═══ Input

(* If [V o W = id] on the simplex, [V] maps every state in the support of [W(.|x)] back
   to [x] deterministically, and this makes the covariance invariant: (i) implies (ii).
   Conversely, an involution of the states is a Markov map that is its own co-embedding
   and fixes the uniform point, so at the uniform point the Gram matrix of [h] is
   exchangeable; invariance under constants then forces [h_N = c_N g_N] there.  Splitting
   state [i] into [k i] equally likely copies is a Markov embedding of the rational point
   [k / sum k] onto a uniform point, with a deterministic co-embedding, so [h = c_N g] at
   rational points; splitting uniform points shows that [c_N] does not depend on [N].
   Continuity extends [h = c g] to the whole simplex, and non-degeneracy gives [c <> 0]. *)

From HB Require Import structures.
From mathcomp Require Import all_boot all_order all_algebra all_fingroup.
From mathcomp Require Import reals boolp.
From mathcomp Require Import lra ring.
Import Order.TTheory GRing.Theory Num.Theory.
Local Open Scope ring_scope.
Set Implicit Arguments. Unset Strict Implicit. Unset Printing Implicit Defensive.

Section Simplex.
Variable R : realType.

Definition delta n (k : 'I_n) : 'I_n -> R := fun x => (x == k)%:R.

Definition unif n : 'I_n -> R := fun _ => n%:R^-1.
Arguments unif : clear implicits.

Lemma sum_deltaMl n (a : 'I_n) (F : 'I_n -> R) : \sum_y delta a y * F y = F a.
Proof.
rewrite (bigD1 a) //= /delta eqxx mul1r big1 ?addr0 // => y /negbTE ->.
by rewrite mul0r.
Qed.

Lemma sum_deltaMr n (a : 'I_n) (F : 'I_n -> R) : \sum_y F y * delta a y = F a.
Proof. by rewrite -[RHS](sum_deltaMl a); apply: eq_bigr => y _; rewrite mulrC. Qed.
(* Let $t\in\mathbb{N}$. There exists $n_0(t)$ such that for all $n\ge n_0(t)$, if $\mathcal{F},\mathcal{G}\subseteq\mathcal{M}_{2n-1}$ are $t$-cross-intersecting, then $|\mathcal{F}|\cdot|\mathcal{G}|\le\big((2(n-t)-1)!!\big)^2$.
   Context: $\mathcal{M}_{2n-1}$ is the set of near-perfect matchings of the complete graph $K_{2n-1}$ (matchings with $n-1$ edges). Families $\mathcal{F},\mathcal{G}$ are $t$-cross-intersecting if $|m\cap m'|\ge t$ for all $m\in\mathcal{F}$, $m'\in\mathcal{G}$. $(2k-1)!!=1\cdot3\cdots(2k-1)$. *)

From mathcomp Require Import all_boot.
Set Implicit Arguments. Unset Strict Implicit. Unset Printing Implicit Defensive.

(* Complete graph K_m on vertex set 'I_m; an edge is a 2-subset of vertices. *)
Definition is_edge (m : nat) (e : {set 'I_m}) : bool := #|e| == 2.

Definition is_matching (m : nat) (M : {set {set 'I_m}}) : bool :=
  [forall e in M, is_edge e] &&
  [forall e in M, forall f in M, (e != f) ==> [disjoint e & f]].

(* M_{2n-1}: near-perfect matchings of K_{2n-1}, i.e. matchings with n-1 edges. *)
Definition near_perfect_matchings (n : nat) : {set {set {set 'I_(2 * n - 1)}}} :=
  [set M | is_matching M && (#|M| == n - 1)].

Definition t_cross_intersecting (m t : nat) (F G : {set {set {set 'I_m}}}) : Prop :=
  forall M M', M \in F -> M' \in G -> t <= #|M :&: M'|.

(* dfact k = (2k-1)!! = 1 * 3 * ... * (2k-1); dfact 0 = 1 = (-1)!!. *)
Definition dfact (k : nat) : nat := \prod_(i < k) (2 * i + 1).

(* The members of M_{2n-1} containing a given set S of edges number at most
   (2(n-|S|)-1)!!.  If c|F| < (2(n-t)-1)!! with c = 10 n^(t+1) >= C(n-1,t), covering G by the
   stars of the t-subsets of one member of F already gives the bound.
   Otherwise both families are large, and we use kernels of size q = O(t log n): among the sets
   S of at most q edges, the kernel of a family A maximizes |A(S)| n^|S|, where A(S) is the star
   of S.  For a large A the kernel has at most q - t edges and its star is spread (adding u more
   edges shrinks it by a factor n^u), so a matching meeting each member of the star in t edges,
   having fewer than n^u sets of u extra edges to offer, must contain t edges of the kernel.
   Thus every member of G contains a t-subset T of the kernel of F.  Call T good when all but
   (2(n-t)-1)!!/c members of F contain T.  For a bad T, the kernel of the members of F avoiding T
   again meets every member of G in t edges but does not contain T, so the members of G through
   T contain a further edge of a set of at most q edges and are few.  Comparing the cases of
   several, one, or no good T yields the bound. *)

From mathcomp Require Import all_boot zify.
From mathcomp Require Import ssralg ring.
Set Implicit Arguments. Unset Strict Implicit. Unset Printing Implicit Defensive.

Lemma dfactS k : dfact k.+1 = dfact k * (2 * k + 1).
Proof. by rewrite /dfact big_ord_recr. Qed.

Lemma dfact_gt0 k : 0 < dfact k.
Proof. by rewrite /dfact prodn_gt0 // => i; rewrite addn1. Qed.

Lemma leq_dfact k l : k <= l -> dfact k <= dfact l.
Proof.
move=> /subnKC <-; elim: (l - k) => [|m IH]; first by rewrite addn0.
by rewrite addnS dfactS (leq_trans IH) // leq_pmulr // addn1.
Qed.

Lemma leq_dfactD k m : dfact k * (2 * k + 1) ^ m <= dfact (k + m).
Proof.
elim: m => [|m IH]; first by rewrite expn0 muln1 addn0.
rewrite (addnS k m) dfactS expnS mulnCA mulnC leq_mul //.
by rewrite leq_add2r leq_mul2l leq_addr orbT.
Qed.

Lemma dfact_subnS n t : t < n -> dfact (n - t) = dfact (n - t.+1) * (2 * (n - t.+1)).+1.
Proof. by move=> tn; rewrite -[(2 * _).+1]addn1 -dfactS; congr dfact; lia. Qed.

Lemma leq_exp2rW m n e : m <= n -> m ^ e <= n ^ e.
Proof. by move=> mn; elim: e => // e IH; rewrite !expnS leq_mul. Qed.

Lemma bin_leq_exp m k : 'C(m, k) <= m ^ k.
Proof.
apply: (@leq_trans (m ^_ k)); first by rewrite -bin_ffact leq_pmulr ?fact_gt0.
rewrite ffact_prod -[k in m ^ k]card_ord -prod_nat_const.
by apply: leq_prod => i _; apply: leq_subr.
Qed.

Lemma leq_mul_scaled c x y a b K :
  0 < c -> c * x <= a -> y <= b -> a * b <= c * K -> x * y <= K.
Proof.
move=> c_gt0 hx hy hK; rewrite -(leq_pmul2l c_gt0) mulnA.
exact: leq_trans (leq_mul hx hy) hK.
Qed.

Lemma card_bigcup_leq (I T : finType) (P : pred I) (F : I -> {set T}) :
  #|\bigcup_(i | P i) F i| <= \sum_(i | P i) #|F i|.
Proof.
elim/big_rec2: _ => [|i x y _ Hxy]; first by rewrite cards0.
by rewrite (leq_trans (leq_card_setU _ _)) ?leq_add2l.
Qed.
Lemma isoQ_chg E E' :
  isoQ E E' <-> exists u r s t, u != 0 /\ E = chg_curve E' u r s t.
Proof.
split=> [[u [r [s [t [hu [h1 [h2 [h3 [h4 h6]]]]]]]]] | [u [r [s [t [hu ->]]]]]].
  exists u, r, s, t; split=> //.
  case: E h1 h2 h3 h4 h6 => e1 e2 e3 e4 e6 /= h1 h2 h3 h4 h6.
  by rewrite /chg_curve /= h1 h2 h3 h4 h6; congr WCurve; ring.
by exists u, r, s, t; rewrite /=; do !split=> //; ring.
Qed.

Lemma isoQ_sym {E E'} : isoQ E E' -> isoQ E' E.
Proof.
move/isoQ_chg=> [u [r [s [t [hu ->]]]]]; apply/isoQ_chg.
exists u^-1, (- r / u ^+ 2), (- s / u), ((r * s - t) / u ^+ 3); split.
  by rewrite invr_eq0.
by case: E' => e1 e2 e3 e4 e6; rewrite /chg_curve /=; congr WCurve; field.
Qed.

Lemma isoQ_trans {E E' E''} : isoQ E E' -> isoQ E' E'' -> isoQ E E''.
Proof.
move/isoQ_chg=> [u [r [s [t [hu ->]]]]] /isoQ_chg [v [r' [s' [t' [hv ->]]]]].
apply/isoQ_chg; exists (u * v), (r + u ^+ 2 * r'), (s + u * s'),
  (t + u ^+ 3 * t' + s * u ^+ 2 * r'); split; first by rewrite mulf_neq0.
by case: E'' => e1 e2 e3 e4 e6; rewrite /chg_curve /=; congr WCurve; ring.
Qed.

Lemma isoQ_transl {E E' F} : isoQ E E' -> isoQ E F <-> isoQ E' F.
Proof. by move=> iso; split; apply: isoQ_trans; [exact: isoQ_sym|]. Qed.

Lemma c4_chg E u r s t : c4 (chg_curve E u r s t) = u ^+ 4 * c4 E.
Proof. by rewrite /c4 /b2 /b4 /=; ring. Qed.

Lemma disc_chg E u r s t : disc (chg_curve E u r s t) = u ^+ 12 * disc E.
Proof. by rewrite /disc /b2 /b4 /b6 /b8 /=; ring. Qed.

Lemma isoQ_elliptic {E E'} : isoQ E E' -> elliptic E -> elliptic E'.
Proof.
move/isoQ_sym/isoQ_chg=> [u [r [s [t [hu ->]]]]].
by rewrite /elliptic disc_chg => hD; rewrite mulf_neq0 ?expf_neq0.
Qed.

Lemma isoQ_jinv {E E'} : isoQ E E' -> jinv E = jinv E'.
Proof.
move/isoQ_chg=> [u [r [s [t [hu ->]]]]].
rewrite /jinv c4_chg disc_chg exprMn -exprM.
have [->|hD] := eqVneq (disc E') 0; first by rewrite mulr0 !invr0 !mulr0.
by field; rewrite hD hu.
Qed.

Definition chg_point (u r s t : rat) (P : point) : point :=
  if P is Some (x, y) then Some (u ^+ 2 * x + r, u ^+ 3 * y + s * u ^+ 2 * x + t)
  else None.

Lemma on_curve_chg E u r s t P :
  on_curve E P -> on_curve (chg_curve E u r s t) (chg_point u r s t P).
Proof. by case: P => [[x y] /on_curve_a6 h6 | //] /=; rewrite h6; ring. Qed.

Lemma tangent_den_chg E u r s t x y :
  tangent_den (chg_curve E u r s t) (u ^+ 2 * x + r) (u ^+ 3 * y + s * u ^+ 2 * x + t)
  = u ^+ 3 * tangent_den E x y.
Proof. by rewrite /tangent_den /=; ring. Qed.

Lemma psi3_chg E u r s t x :
  psi3 (chg_curve E u r s t) (u ^+ 2 * x + r) = u ^+ 8 * psi3 E x.
Proof. by rewrite /psi3 /b2 /b4 /b6 /b8 /=; ring. Qed.

Lemma order3_chg E u r s t P : u != 0 ->
  order3 E P -> order3 (chg_curve E u r s t) (chg_point u r s t P).
Proof.
move=> hu; case: P => [[x y] /order3P [hon hd hpsi] | [_ []]] //.
apply/order3P; split; first exact: (@on_curve_chg E u r s t (Some (x, y)) hon).
  by rewrite tangent_den_chg mulf_neq0 ?expf_neq0.
by rewrite psi3_chg hpsi mulr0.
Qed.

Lemma isoQ_has_order3 {E E'} : isoQ E E' ->
  (exists P, order3 E P) <-> (exists P, order3 E' P).
Proof.
have transport F F' : isoQ F F' -> (exists P, order3 F' P) -> exists P, order3 F P.
  by move/isoQ_chg=> [u [r [s [t [hu ->]]]]] [P hP]; exists (chg_point u r s t P); exact: order3_chg.
by move=> iso; split; apply: transport => //; exact: isoQ_sym.
Qed.

Lemma velu3_chg E u r s t P :
  velu3 (chg_curve E u r s t) (chg_point u r s t P) = chg_curve (velu3 E P) u r s t.
Proof. by case: P => [[x y]|] //; rewrite /velu3 /chg_curve /=; congr WCurve; ring. Qed.

(* Tate normal form: (0, 0) has order 3 as soon as b != 0. *)
Definition tate3 (a b : rat) : wcurve := WCurve a 0 b 0 0.
Definition tate3_velu (a b : rat) : wcurve :=
  WCurve a 0 b (- 5 * (a * b)) (- (a ^+ 3 * b) - 7 * b ^+ 2).

Lemma velu3_tate3 a b : velu3 (tate3 a b) (Some (0, 0)) = tate3_velu a b.
Proof. by rewrite /velu3 /tate3_velu /=; congr WCurve; ring. Qed.

Lemma tate3_normal_form {E P} : order3 E P ->
  exists a b, isoQ E (tate3 a b) /\ isoQ (velu3 E P) (tate3_velu a b).
Proof.
case: P => [[x y] /order3P [hon hd hpsi] | [_ []]] //.
(* Move P to (0, 0) and turn its tangent line into y = 0. *)
set s := tangent_num E x y / tangent_den E x y.
have num_s : tangent_num E x y = s * tangent_den E x y by rewrite divfK.
clearbody s.
have a2E : a2 E = s ^+ 2 + a1 E * s - 3 * x.
  have : (s ^+ 2 + a1 E * s - a2 E - 3 * x) * tangent_den E x y ^+ 2 = 0.
    by rewrite -oppr0 -hpsi -(tangent_psi3 hon) num_s; ring.
  move/eqP; rewrite mulf_eq0 expf_eq0 (negbTE hd) andbF orbF => /eqP slope_s.
  by rewrite -[LHS]addr0 -slope_s; ring.
have a4E : a4 E = s * tangent_den E x y - 3 * x ^+ 2 - 2 * a2 E * x + a1 E * y.
  by rewrite -num_s /tangent_num; ring.
have defP : Some (x, y) = chg_point 1 x s y (Some (0, 0)).
  by congr (Some (_, _)); ring.
have defE : E = chg_curve (tate3 (a1 E + 2 * s) (tangent_den E x y)) 1 x s y.
  move: (on_curve_a6 hon) a4E a2E; rewrite /tangent_den.
  case: E {hon hd hpsi num_s} => e1 e2 e3 e4 e6 /= -> -> ->.
  by rewrite /chg_curve /=; congr WCurve; ring.
exists (a1 E + 2 * s), (tangent_den E x y); split; apply/isoQ_chg; exists 1, x, s, y.
  by rewrite oner_eq0 -defE.
by rewrite oner_eq0 -velu3_tate3 -velu3_chg -defP -defE.
Qed.
Theorem lemma3p2
  (G : mla) (I : G -> Prop) (HI : is_ideal G I)
  (* GI = G / I *)
  (GI : mla) (pi : G -> GI) (Hpi : is_quotient pi I)
  (* T = G (x) G *)
  (T : mla) (t : G -> G -> T) (Ht : is_tensor_square G T t)
  (* TI = (G/I) (x) (G/I) *)
  (TI : mla) (tI : GI -> GI -> TI) (HtI : is_tensor_square GI TI tI)
  (* R = (G (x) G) / ((I (x) G)(G (x) I)) *)
  (R : mla) (rho : T -> R) (Hrho : is_quotient rho (IG_GI t I)) :
  exists f : TI -> R, mla_iso f.
Proof.
  destruct HI as [_ [_ [_ [I_conj _]]]].
  pose proof Hpi as [pih [pisurj piker]].
  pose proof Hrho as [rhoh [rhosurj rhoker]].
  destruct (tensor_rel_factor_quotient pi I (fun x y => rho (t x y)) Hpi I_conj
              (tensor_rel_comp_hom t rho rhoh (proj1 Ht))
              (fun a b Ha => proj2 (rhoker _) (IG_GI_tensor_l t I a b Ha))
              (fun a b Hb => proj2 (rhoker _) (IG_GI_tensor_r t I a b Hb)))
    as [F [FR HF]].
  destruct (tensor_square_lift tI HtI R F FR) as [f [fh Hf]].
  destruct (tensor_square_lift t Ht TI (fun x y => tI (pi x) (pi y))
              (tensor_rel_precomp_hom pi tI pih (proj1 HtI))) as [g [gh Hg]].
  assert (g_kills : forall z, IG_GI t I z -> g z = one).
  { apply (hom_kills_IG_GI t I TI g gh); intros a b Hab; rewrite Hg, (proj2 (piker _) Hab).
    - apply (tensor_rel_1x tI (proj1 HtI)).
    - apply (tensor_rel_x1 tI (proj1 HtI)). }
  destruct (quotient_lift rho _ Hrho TI g gh g_kills) as [g' [g'h Hg']].
  exists f. apply (iso_of_inverse f g' fh).
  - apply (tensor_square_hom_ext tI HtI TI _ _ (hom_comp f g' fh g'h) hom_id).
    intros a b. destruct (pisurj a) as [x <-], (pisurj b) as [y <-].
    rewrite Hf, HF, Hg', Hg. reflexivity.
  - intro r. destruct (rhosurj r) as [z <-]. rewrite Hg'.
    apply (tensor_square_hom_ext t Ht R _ _ (hom_comp g f gh fh) rhoh).
    intros x y. rewrite Hg, Hf, HF. reflexivity.
Qed.
Lemma Vn_le_max_risk (R : realType) (N : nat) (a b : 'I_N -> R) (n : R)
    (p : {ffun {set 'I_N} -> R}) (delta : estimator_fam R N) :
  (forall i, a i <= b i) -> admissible a b n p delta -> (Vn a b n <= max_risk a b p delta)%E.
Proof.
move=> ab [p_design incl_gt0 size_le [delta_local _] delta_unbiased].
have [e e_worst] := exists_ge_average (fun e => risk p delta (vertex a b e))
  (@unif_ge0 R N) (@unif_sum1 R N).
apply: (@le_trans _ _ (\sum_i half_range a b i ^+ 2 * (1 - incl_prob p i) / incl_prob p i)%:E).
  apply: ereal_inf_lbound; exists (incl_prob p) => //; split; last by rewrite -exp_sizeE.
  by move=> i; rewrite incl_gt0 incl_prob_le1.
apply: (@le_trans _ _ (risk p delta (vertex a b e))%:E).
  by rewrite lee_fin; apply: le_trans e_worst; apply: bayes_risk_vertices_ge.
by apply: ereal_sup_ubound; exists (vertex a b e) => //; apply: vertex_in_Theta.
Qed.

Lemma min_allocation_design_optimal (R : realType) (N : nat) (a b : 'I_N -> R) (c n : R) :
  (forall i, a i <= b i) -> (forall i, 0 < half_range a b i) -> 0 < c ->
  \sum_i Num.min 1 (c * half_range a b i) = n ->
  let pistar := fun i => Num.min 1 (c * half_range a b i) in
  admissible a b n (poisson_design pistar) (diff_estimator (midpoint a b) pistar) /\
  max_risk a b (poisson_design pistar) (diff_estimator (midpoint a b) pistar) = Vn a b n.
Proof.
move=> ab r_gt0 c_gt0 sum_c pistar.
have pistar01 i : 0 < pistar i <= 1 by apply: min1_gt0_le1; rewrite mulr_gt0.
have pistar_neq0 i : pistar i != 0 by case/andP: (pistar01 i) => pi_gt0 _; rewrite gt_eqF.
split; last by rewrite max_risk_diff_estimator // (VnE r_gt0 c_gt0 sum_c).
split.
- by apply: poisson_design_is_design => i; case/andP: (pistar01 i) => /ltW -> ->.
- by move=> i; rewrite incl_prob_poisson; case/andP: (pistar01 i).
- by rewrite exp_size_poisson sum_c.
- exact: diff_estimator_is_estimator.
- by move=> y _; apply: diff_estimator_unbiased.
Qed.

Lemma minimax_value_le_max_risk (R : realType) (N : nat) (a b : 'I_N -> R) (n : R)
    (p : {ffun {set 'I_N} -> R}) (delta : estimator_fam R N) :
  admissible a b n p delta -> (minimax_value a b n <= max_risk a b p delta)%E.
Proof. by move=> adm; apply: ereal_inf_lbound; exists (p, delta). Qed.

Lemma Vn_le_minimax_value (R : realType) (N : nat) (a b : 'I_N -> R) (n : R) :
  (forall i, a i <= b i) -> (Vn a b n <= minimax_value a b n)%E.
Proof.
by move=> ab; apply: le_ereal_inf_tmp => _ [[p delta] adm <-]; apply: Vn_le_max_risk.
Qed.

Theorem theorem3 (R : realType) (N : nat) (a b : 'I_N -> R) (n : nat)
  (HN : (1 <= N)%N)
  (Hab : forall i, a i <= b i)
  (Hr : forall i, 0 < half_range a b i)
  (Hn : (0 < n < N)%N) :
  minimax_value a b n%:R = Vn a b n%:R /\
  (exists c : R, 0 < c /\
     \sum_(i < N) Num.min 1 (c * half_range a b i) = n%:R) /\
  (forall c : R, 0 < c ->
     \sum_(i < N) Num.min 1 (c * half_range a b i) = n%:R ->
     let pistar := fun i => Num.min 1 (c * half_range a b i) in
     admissible a b n%:R (poisson_design pistar)
       (diff_estimator (midpoint a b) pistar) /\
     max_risk a b (poisson_design pistar)
       (diff_estimator (midpoint a b) pistar) = Vn a b n%:R).
Proof.
have [c c_gt0 sum_c] := exists_allocation_scale Hr Hn.
have optimal := min_allocation_design_optimal Hab Hr.
split; last by split=> [|c' c'_gt0 sum_c']; [exists c | exact: optimal].
have [adm max_risk_eq] := optimal _ _ c_gt0 sum_c.
apply/le_anti/andP; split; last exact: Vn_le_minimax_value.
by rewrite -max_risk_eq; apply: minimax_value_le_max_risk.
Qed.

══════

■ Assignment ■
The answer must be a single number: the count of lines in the entries that include "Hrho".

■ Written reply ■
3